Problem statement
Reading the listing below, restate each entry exactly as written.

Data to use
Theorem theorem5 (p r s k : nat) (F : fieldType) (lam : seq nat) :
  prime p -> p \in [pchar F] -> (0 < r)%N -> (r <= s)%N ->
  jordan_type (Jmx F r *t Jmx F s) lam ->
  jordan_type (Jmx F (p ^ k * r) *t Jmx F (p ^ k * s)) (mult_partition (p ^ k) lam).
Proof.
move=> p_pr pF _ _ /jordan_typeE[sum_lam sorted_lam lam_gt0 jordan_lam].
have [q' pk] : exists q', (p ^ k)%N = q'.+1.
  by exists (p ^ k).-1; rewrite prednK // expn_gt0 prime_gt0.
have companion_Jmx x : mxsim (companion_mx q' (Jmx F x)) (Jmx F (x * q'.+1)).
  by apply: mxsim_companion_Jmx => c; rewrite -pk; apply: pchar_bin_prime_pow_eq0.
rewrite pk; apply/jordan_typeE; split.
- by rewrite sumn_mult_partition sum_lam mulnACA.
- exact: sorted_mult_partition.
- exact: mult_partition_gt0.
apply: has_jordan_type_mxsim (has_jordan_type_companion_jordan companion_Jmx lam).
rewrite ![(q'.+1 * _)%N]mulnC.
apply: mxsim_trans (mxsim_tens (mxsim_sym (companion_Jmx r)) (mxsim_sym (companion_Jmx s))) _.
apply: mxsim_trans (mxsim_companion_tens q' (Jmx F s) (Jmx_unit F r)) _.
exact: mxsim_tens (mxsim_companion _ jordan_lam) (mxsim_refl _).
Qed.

Your solution
Theorem theorem5 (p r s k : nat) (F : fieldType) (lam : seq nat) :
  prime p -> p \in [pchar F] -> (0 < r)%N -> (r <= s)%N ->
  jordan_type (Jmx F r *t Jmx F s) lam ->
  jordan_type (Jmx F (p ^ k * r) *t Jmx F (p ^ k * s)) (mult_partition (p ^ k) lam).
Proof.
move=> p_pr pF _ _ /jordan_typeE[sum_lam sorted_lam lam_gt0 jordan_lam].
have [q' pk] : exists q', (p ^ k)%N = q'.+1.
  by exists (p ^ k).-1; rewrite prednK // expn_gt0 prime_gt0.
have companion_Jmx x : mxsim (companion_mx q' (Jmx F x)) (Jmx F (x * q'.+1)).
  by apply: mxsim_companion_Jmx => c; rewrite -pk; apply: pchar_bin_prime_pow_eq0.
rewrite pk; apply/jordan_typeE; split.
- by rewrite sumn_mult_partition sum_lam mulnACA.
- exact: sorted_mult_partition.
- exact: mult_partition_gt0.
apply: has_jordan_type_mxsim (has_jordan_type_companion_jordan companion_Jmx lam).
rewrite ![(q'.+1 * _)%N]mulnC.
apply: mxsim_trans (mxsim_tens (mxsim_sym (companion_Jmx r)) (mxsim_sym (companion_Jmx s))) _.
apply: mxsim_trans (mxsim_companion_tens q' (Jmx F s) (Jmx_unit F r)) _.
exact: mxsim_tens (mxsim_companion _ jordan_lam) (mxsim_refl _).
Qed.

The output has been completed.